We know that Bertrand’s postulate is true and therefore there is a prime between $n$ and $2n$ for all $n \in \N$; there is clearly an infinite number of those
Isn’t it possible to have circular proofs?
The advanced results have to use some basic results. Maybe one of them are built upon the proof that there are infinite number of primes.
That’s y this is about april fool~
I can’t stop laughing at the planar graph one.
ilyaraz: As matter of fact i liked your proof very much. Existence of uncompressible strings is derived using simple counting afterall.
See
http://blog.computationalcomplexity.org/2008/08/ridiculously-hard-proof-of-easy-theorem.html
for the story of a high school student who seriously proved that their are an infinite number of primes
by invoking the Greene-Tao theorem. This theorem states that there are arb large arithmetic sequences of
primes.
Great…thanks Bill
Very interesting
If number of prime is finite then #{p<=x:p is a prime} is bounded .
So #{p0 as x–> infinity ,which contradicts prime number theorem.
http://mathoverflow.net/questions/42512/awfully-sophisticated-proof-for-simple-facts
AFRs have useful purpose outside of the april fool’s joke.

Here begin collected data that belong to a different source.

(* Let $L$ be a torsion-free $d$-dimensional Lie algebra over $\mathbb{C}[\![t]\!]$ and $*\in\{\le,\triangleleft\}$. Assume $L$ has a basis $B=\{x_1,\ldots,x_d\}$ which is nice with respect to $*$ and simple. Then $$R_L^*(T)=\sum_{\mathbf{n}\in\mathcal{C}_B^*\cap\mathbb{Z}^d}T^{n_1+n_2+\cdots+n_d},$$ where $\mathcal{C}_B^{\triangleleft}=\{\mathbf{y}\in\mathbb{R}_{\ge0}^d: y_l\le y_i \text{ and } y_l\le y_j \text{ whenever } [x_i,x_j]=ax_l,\ a\ne0\}$ and $\mathcal{C}_B^{\le}=\{\mathbf{y}\in\mathbb{R}_{\ge0}^d: y_l\le y_i+y_j \text{ whenever } [x_i,x_j]=ax_l,\ a\ne0\}$.
   Context: Reduced zeta function: with $\chi$ the Euler characteristic on complex constructible sets (unique integer-valued function with $\chi(\mathbb{C}^m)=1$, additive on disjoint constructible sets, multiplicative along constructible maps with fibres of constant Euler characteristic), and $B_n^{\le}$ (resp. $B_n^{\triangleleft}$) the constructible subset of the Grassmannian $\mathrm{Gr}(L/t^nL)$ of $\mathbb{C}[\![t]\!]$-submodules of $L$ of $\mathbb{C}$-codimension $n$ that are subalgebras (resp. ideals), $R_L^*(T)=\sum_{n\ge0}\chi(B_n^* )T^n$. Let $v$ be the $t$-adic valuation on $\mathbb{C}[\![t]\!]$. Let $\mathcal{D}_B^*$ be the set of $\mathbf{n}\in\mathbb{Z}_{\ge0}^d$ such that the $\mathbb{C}[\![t]\!]$-span of $t^{n_1}x_1,\ldots,t^{n_d}x_d$ is an ideal (if $*=\triangleleft$) or a subalgebra (if $*=\le$). The basis $B$ is nice with respect to $*$ if $R_L^*(T)=\sum_{\mathbf{n}\in\mathcal{D}_B^*}T^{n_1+\cdots+n_d}$. It is simple if for all $i,j$ there exist $l\in\{1,\ldots,d\}$ and $a\in\mathbb{C}[\![t]\!]$ with $[x_i,x_j]=ax_l$ and either $a=0$ or $v(a)=0$. *)

From HB Require Import structures.
From mathcomp Require Import all_boot all_order all_algebra.
From mathcomp Require Import complex.
From mathcomp Require Import boolp.
From mathcomp Require Import Rstruct.
Set Implicit Arguments. Unset Strict Implicit. Unset Printing Implicit Defensive.
Import Order.TTheory GRing.Theory Num.Theory.
Local Open Scope ring_scope.

Definition CC : Type := complex Rdefinitions.R.

(** Formal power series C[[t]] : coefficient sequences. *)
Definition PS : Type := nat -> CC.

Definition ps0 : PS := fun _ => 0.
Definition ps1 : PS := fun m => if m == 0%N then 1 else 0.
Definition addps (f g : PS) : PS := fun m => f m + g m.
Definition oppps (f : PS) : PS := fun m => - f m.
Definition mulps (f g : PS) : PS :=
  fun m => \sum_(k < m.+1) f k * g (m - k)%N.
Definition tpow (n : nat) : PS := fun m => if m == n then 1 else 0.
(** v(a) = 0 for the t-adic valuation, i.e. a has nonzero constant term *)
Definition val_is_zero (a : PS) : Prop := a 0%N <> 0.

(** A free C[[t]]-Lie algebra of rank d with basis x_1..x_d is given by its
    structure constants: [x_i, x_j] = \sum_k c i j k x_k.
    Elements of L are coordinate vectors 'I_d -> PS. *)
Definition Lvec (d : nat) : Type := 'I_d -> PS.

Definition basis_vec (d : nat) (i : 'I_d) : Lvec d :=
  fun k => if k == i then ps1 else ps0.

Definition br (d : nat) (c : 'I_d -> 'I_d -> 'I_d -> PS) (v w : Lvec d) : Lvec d :=
  fun l m => \sum_(i < d) \sum_(j < d) mulps (mulps (v i) (w j)) (c i j l) m.

(** Lie algebra axioms (alternating bilinear bracket + Jacobi identity),
    expressed on the basis (equivalent by (tri)linearity). *)
Definition is_lie (d : nat) (c : 'I_d -> 'I_d -> 'I_d -> PS) : Prop :=
  [/\ (forall i k, c i i k = ps0),
      (forall i j k, c i j k = oppps (c j i k)) &
      (forall i j k l,
         (fun m => \sum_(p < d)
             (mulps (c i j p) (c p k l) m + mulps (c j k p) (c p i l) m
              + mulps (c k i p) (c p j l) m)) = ps0)].

Definition bracket_is (d : nat) (c : 'I_d -> 'I_d -> 'I_d -> PS)
  (i j l : 'I_d) (a : PS) : Prop :=
  forall k, c i j k = if k == l then a else ps0.

Definition simple_basis (d : nat) (c : 'I_d -> 'I_d -> 'I_d -> PS) : Prop :=
  forall i j, exists l, exists a, bracket_is c i j l a /\ (a = ps0 \/ val_is_zero a).

Inductive kind := Subalg | Ideal.

Definition in_span (d : nat) (n : 'I_d -> nat) (v : Lvec d) : Prop :=
  exists a : 'I_d -> PS, v = fun k => mulps (a k) (tpow (n k)).

Definition is_star (d : nat) (c : 'I_d -> 'I_d -> 'I_d -> PS) (star : kind)
  (n : 'I_d -> nat) : Prop :=
  match star with
  | Subalg => forall v w, in_span n v -> in_span n w -> in_span n (br c v w)
  | Ideal => forall v w, in_span n w -> in_span n (br c v w)
  end.

Definition D_B (d : nat) (c : 'I_d -> 'I_d -> 'I_d -> PS) (star : kind)
  (n : 'I_d -> nat) : Prop := is_star c star n.

(** Coefficient of T^m in \sum_{n in S} T^{n_1+...+n_d}, S a set of
    nonnegative integer vectors: the number of n in S with |n| = m. *)
Definition gcoeff (d : nat) (S : ('I_d -> nat) -> Prop) (m : nat) : nat :=
  #|[set n : {ffun 'I_d -> 'I_m.+1} |
      ((\sum_(i < d) (n i : nat))%N == m) && `[< S (fun i => nat_of_ord (n i)) >]]|.

(** Nice basis: R^*_L(T) = \sum_{n in D_B^*} T^{|n|}, where R is the
    coefficient sequence of R^*_L(T). *)
Definition nice (d : nat) (c : 'I_d -> 'I_d -> 'I_d -> PS) (star : kind)
  (Rcoef : nat -> int) : Prop :=
  forall m, Rcoef m = (gcoeff (D_B c star) m)%:Z.

Definition C_B (d : nat) (c : 'I_d -> 'I_d -> 'I_d -> PS) (star : kind)
  (y : 'I_d -> Rdefinitions.R) : Prop :=
  (forall k, 0 <= y k) /\
  forall i j l a, bracket_is c i j l a -> a <> ps0 ->
    match star with
    | Ideal => (y l <= y i) && (y l <= y j)
    | Subalg => y l <= y i + y j
    end.

(* For a simple basis every nonzero structure constant c_ijl is a unit of
   C[[t]], so [t^p x_i, t^q x_j] has t-adic valuation exactly p + q in the
   x_l-coordinate.  Testing the span of the t^(n_k) x_k on such brackets shows
   that its being a subalgebra (ideal) is equivalent to the inequalities
   defining the cone C_B^*, i.e. D_B^* = C_B^* ∩ Z^d; niceness of B then gives
   the formula for R_L^*(T). *)
From mathcomp Require Import all_boot all_order all_algebra.
From mathcomp Require Import Rstruct.
From mathcomp Require Import complex boolp zify.
Import Order.TTheory GRing.Theory Num.Theory.
Set Implicit Arguments. Unset Strict Implicit.
Local Open Scope ring_scope.

Arguments mulps : simpl never.
Arguments tpow : simpl never.
Arguments ps0 : simpl never.

Definition val_ge (f : PS) (n : nat) : Prop := forall m, (m < n)%N -> f m = 0.

Lemma val_ge_le f p q : val_ge f p -> (q <= p)%N -> val_ge f q.
Proof. by move=> hf le_qp m lt_mq; apply: hf; apply: leq_trans lt_mq le_qp. Qed.

Lemma val_ge0 f : val_ge f 0.
Proof. by move=> m; rewrite ltn0. Qed.

Lemma val_ge_tpow p : val_ge (tpow p) p.
Proof. by move=> m lt_mp; rewrite /tpow ifN // neq_ltn lt_mp. Qed.

Lemma val_ge_mul f g p q : val_ge f p -> val_ge g q -> val_ge (mulps f g) (p + q).
Proof.
move=> hf hg m lt_m; rewrite /mulps; apply: big1 => k _.
case: (ltnP k p) => kp; first by rewrite hf // mul0r.
by rewrite hg ?mulr0 //; have := ltn_ord k; lia.
Qed.

Lemma mulps_lead f g p q :
  val_ge f p -> val_ge g q -> mulps f g (p + q)%N = f p * g q.
Proof.
move=> hf hg; rewrite /mulps.
have hp : (p < (p + q).+1)%N by lia.
rewrite (bigD1 (Ordinal hp)) //= addKn big1 ?addr0 // => k.
rewrite -val_eqE /= => /eqP k_neq_p.
case: (ltnP k p) => kp; first by rewrite hf // mul0r.
by rewrite hg ?mulr0 //; have := ltn_ord k; lia.
Qed.

Lemma mul0ps f : mulps ps0 f = ps0.
Proof. by apply: funext => m; rewrite /mulps big1 // => k _; rewrite mul0r. Qed.

Lemma mulps0 f : mulps f ps0 = ps0.
Proof. by apply: funext => m; rewrite /mulps big1 // => k _; rewrite mulr0. Qed.

Lemma tpow_divides f n : val_ge f n -> f = mulps (fun k => f (k + n)%N) (tpow n).
Proof.
move=> hf; apply: funext => m; rewrite /mulps.
case: (ltnP m n) => mn.
  by rewrite hf // big1 // => k _; rewrite /tpow ifN ?mulr0 //; have := ltn_ord k; lia.
have hk : (m - n < m.+1)%N by lia.
rewrite (bigD1 (Ordinal hk)) //= big1 ?addr0.
  by rewrite /tpow subKn // eqxx mulr1 subnK.
move=> k; rewrite -val_eqE /= => k_neq.
by rewrite /tpow ifN ?mulr0 //; have := ltn_ord k; lia.
Qed.

Lemma tpowM_coef p q (a : PS) : mulps (mulps (tpow p) (tpow q)) a (p + q)%N = a 0%N.
Proof.
rewrite -[(p + q)%N]addn0 (mulps_lead (val_ge_mul (@val_ge_tpow p) (@val_ge_tpow q))
  (@val_ge0 a)).
by rewrite (mulps_lead (@val_ge_tpow p) (@val_ge_tpow q)) /tpow !eqxx !mul1r.
Qed.

Lemma in_spanP d (n : 'I_d -> nat) v : in_span n v <-> forall k, val_ge (v k) (n k).
Proof.
split=> [[a ->] k | hv].
  by rewrite -[n k]add0n; apply: val_ge_mul; [exact: val_ge0 | exact: val_ge_tpow].
by exists (fun k m => v k (m + n k)%N); apply: funext => k; apply: tpow_divides.
Qed.

Section Bracket.

Variables (d : nat) (c : 'I_d -> 'I_d -> 'I_d -> PS).

Lemma simple_bracket_unit : simple_basis c -> forall i j l,
  c i j l <> ps0 -> bracket_is c i j l (c i j l) /\ val_is_zero (c i j l).
Proof.
move=> hs i j l c_neq0; have [l' [a [hb ha]]] := hs i j.
case: (eqVneq l' l) => [e | neq]; last by case: c_neq0; rewrite hb eq_sym (negPf neq).
subst l'.
have cE : c i j l = a by rewrite hb eqxx.
rewrite cE; split; first by move=> k; rewrite hb.
by case: ha => // a0; case: c_neq0; rewrite cE a0.
Qed.

Lemma bracket_is_coef i j l a : bracket_is c i j l a -> c i j l = a.
Proof. by move=> hb; rewrite hb eqxx. Qed.

Definition tbasis (i : 'I_d) (p : nat) : Lvec d :=
  fun k => if k == i then tpow p else ps0.

Lemma tbasis_in_span (n : 'I_d -> nat) i : in_span n (tbasis i (n i)).
Proof.
apply/in_spanP => k; rewrite /tbasis; case: eqP => [->|_]; first exact: val_ge_tpow.
by move=> m _.
Qed.

Lemma br_tbasis i j p q l :
  br c (tbasis i p) (tbasis j q) l = mulps (mulps (tpow p) (tpow q)) (c i j l).
Proof.
apply: funext => m; rewrite /br; cbv beta.
rewrite (bigD1 i) //= addrC big1 => [|i' ne]; last first.
  by apply: big1 => j' _; rewrite /tbasis (negbTE ne) !mul0ps.
rewrite add0r (bigD1 j) //= addrC big1 => [|j' ne]; last first.
  by rewrite /tbasis (negbTE ne) mulps0 mul0ps.
by rewrite add0r /tbasis !eqxx.
Qed.

Lemma span_br_tbasis (n : 'I_d -> nat) i j l p q :
  in_span n (br c (tbasis i p) (tbasis j q)) -> val_is_zero (c i j l) ->
  (n l <= p + q)%N.
Proof.
move=> /in_spanP hspan hunit; rewrite leqNgt; apply/negP => lt_pq.
by apply: hunit; have := hspan l (p + q)%N lt_pq; rewrite br_tbasis tpowM_coef.
Qed.

Lemma br_in_span (n pv qw : 'I_d -> nat) v w :
  (forall k, val_ge (v k) (pv k)) -> (forall k, val_ge (w k) (qw k)) ->
  (forall i j l, c i j l <> ps0 -> (n l <= pv i + qw j)%N) ->
  in_span n (br c v w).
Proof.
move=> hv hw hc; apply/in_spanP => l m lt_m.
apply: big1 => i _; apply: big1 => j _.
have [->|c_neq0] := EM (c i j l = ps0); first by rewrite mulps0.
have hge := val_ge_mul (val_ge_mul (hv i) (hw j)) (@val_ge0 (c i j l)).
apply: (val_ge_le hge) lt_m; rewrite addn0; exact: hc.
Qed.

End Bracket.

Section Cone.

Variables (d : nat) (c : 'I_d -> 'I_d -> 'I_d -> PS).
Hypotheses (hlie : is_lie c) (hsimple : simple_basis c).

Lemma C_B_of_D_B star (n : 'I_d -> nat) :
  D_B c star n -> C_B c star (fun k => (n k)%:R).
Proof.
move=> hD; split=> [k|i j l a hb a_neq0]; first exact: ler0n.
have cE := bracket_is_coef hb; rewrite -cE in a_neq0.
have [_ hunit] := simple_bracket_unit hsimple a_neq0.
case: star hD => hD.
  rewrite -natrD ler_nat; apply: (span_br_tbasis (i:=i) (j:=j)) hunit.
  by apply: hD; apply: tbasis_in_span.
have [_ hanti _] := hlie.
have hunit' : val_is_zero (c j i l).
  by rewrite hanti /val_is_zero /oppps => /eqP; rewrite oppr_eq0 => /eqP.
rewrite !ler_nat -[n i]add0n -[n j]add0n.
apply/andP; split.
  by apply: (span_br_tbasis (i:=j) (j:=i)) hunit'; apply: hD; apply: tbasis_in_span.
by apply: (span_br_tbasis (i:=i) (j:=j)) hunit; apply: hD; apply: tbasis_in_span.
Qed.

Lemma D_B_of_C_B star (n : 'I_d -> nat) :
  C_B c star (fun k => (n k)%:R) -> D_B c star n.
Proof.
move=> [_ hC]; case: star hC => hC /=.
  move=> v w /in_spanP hv /in_spanP hw; apply: (br_in_span hv hw) => i j l c_neq0.
  have [hb _] := simple_bracket_unit hsimple c_neq0.
  by rewrite -(ler_nat Rdefinitions.R) natrD; apply: hC hb c_neq0.
move=> v w /in_spanP hw; apply: (br_in_span (pv := fun=> 0%N) (fun k => @val_ge0 (v k)) hw).
move=> i j l c_neq0; have [hb _] := simple_bracket_unit hsimple c_neq0.
by have /andP[_] := hC i j l _ hb c_neq0; rewrite ler_nat.
Qed.

End Cone.

Theorem proposition4p1 (d : nat) (c : 'I_d -> 'I_d -> 'I_d -> PS) (star : kind)
  (Rcoef : nat -> int) :
  is_lie c -> simple_basis c -> nice c star Rcoef ->
  forall m : nat,
    Rcoef m = (gcoeff (fun n : 'I_d -> nat => C_B c star (fun k => (n k)%:R)) m)%:Z.
Proof.
move=> hlie hsimple hnice m.
have -> : (fun n : 'I_d -> nat => C_B c star (fun k => (n k)%:R)) = D_B c star.
  apply: funext => n; apply: propext; split.
    exact: D_B_of_C_B.
  exact: C_B_of_D_B.
exact: hnice.
Qed.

It shows that a sophisticated theorem is a generalization of a basic fact! This purpose remain useful even if the proof is circular, e.g., in algorithms and complexity theory, this is used for understanding a problem.

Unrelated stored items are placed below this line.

(* Assume hypotheses (A) and (B), suppose the routing matrix $P$ has a branching structure (for every $i$ the set $\{j:p_{ji}>0\}$ has at most one element), and let $\rho$ satisfy $(\rho P)_i<\rho_i$ for all $i$. Then for every $$0<\varepsilon<\min_{1\le i\le d}\frac{\rho_i}{G_{ii}}\Bigl(\frac{\mu_i}{\nu_i}-1\Bigr),$$ the function $h_{\varepsilon,\rho}(x)=\sum_{i=1}^d\prod_{j=1}^d(1+\varepsilon G_{ji}/\rho_i)^{x^j}$ satisfies $$\limsup_{|x|\to\infty}\frac{\mathcal{L}h_{\varepsilon,\rho}(x)}{h_{\varepsilon,\rho}(x)}=-\varepsilon\min_{1\le i\le d}\Bigl(\frac{\mu_i}{\rho_i+\varepsilon G_{ii}}-\frac{\nu_i}{\rho_i}\Bigr)<0.$$
   Context: Jackson network with $d$ queues: arrival rates $\lambda_i\ge0$, service rates $\mu_i>0$, routing matrix $P=(p_{ij})_{i,j=1}^d$ nonnegative with $p_{ii}=0$, $\sum_jp_{ij}\le1$, $p_{i0}=1-\sum_jp_{ij}$. With $\epsilon^i$ the unit vectors, $q(\epsilon^i)=\lambda_i$, $q(-\epsilon^i)=\mu_ip_{i0}$, $q(\epsilon^j-\epsilon^i)=\mu_ip_{ij}$, $q=0$ otherwise; the process on $\mathbb{Z}_+^d$ has generator $\mathcal{L}f(y)=\sum_{z\in\mathbb{Z}_+^d}q(z-y)(f(z)-f(y))$. Hypothesis (A): $(q(x-y))_{x,y\in\mathbb{Z}^d}$ irreducible (equivalently spectral radius of $P$ $<1$ and for every $i$ some $\lambda_jp^{(n)}_{ji}>0$); the traffic equations $\nu_j=\lambda_j+\sum_i\nu_ip_{ij}$ have a unique solution with $\nu_i>0$. Hypothesis (B): $\nu_i<\mu_i$ for all $i$. $G=(I-P)^{-1}$, $(\rho P)_i=\sum_j\rho_jp_{ji}$. *)

From HB Require Import structures.
From mathcomp Require Import all_boot all_order all_algebra.
From mathcomp Require Import all_classical all_reals all_analysis.
Set Implicit Arguments. Unset Strict Implicit. Unset Printing Implicit Defensive.
Import Order.TTheory GRing.Theory Num.Theory.
Local Open Scope classical_set_scope.
Local Open Scope ring_scope.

A supporting example of my comment above is proving the linear programming duality using the existence of Nash Equilibrium. Nash’s theorem uses a more sophisticated machinery of fixed point theorem. LP duality can be proven by using elementary math (essentially using Gaussian elimination, which gets introduced in high school).
This indirect proof of LP duality gives us some understanding of zero sum games and also makes the Nash theorem more intuitively believable, and also demonstrates how randomization is helpful, which is somewhat equivalent to fractional relaxation in the setting.
Since the goal is to have a funny proof, here is my favorite one, although it is also a bit silly:
Theorem. There are infinitely many composite (i.e. non-prime) numbers.
Proof. Should there be only finitely many such numbers, multiply them all but MAKE SURE YOU DO NOT ADD 1!!!
Dear Ruy:
Very funny. I like this. Thanks for sharing it.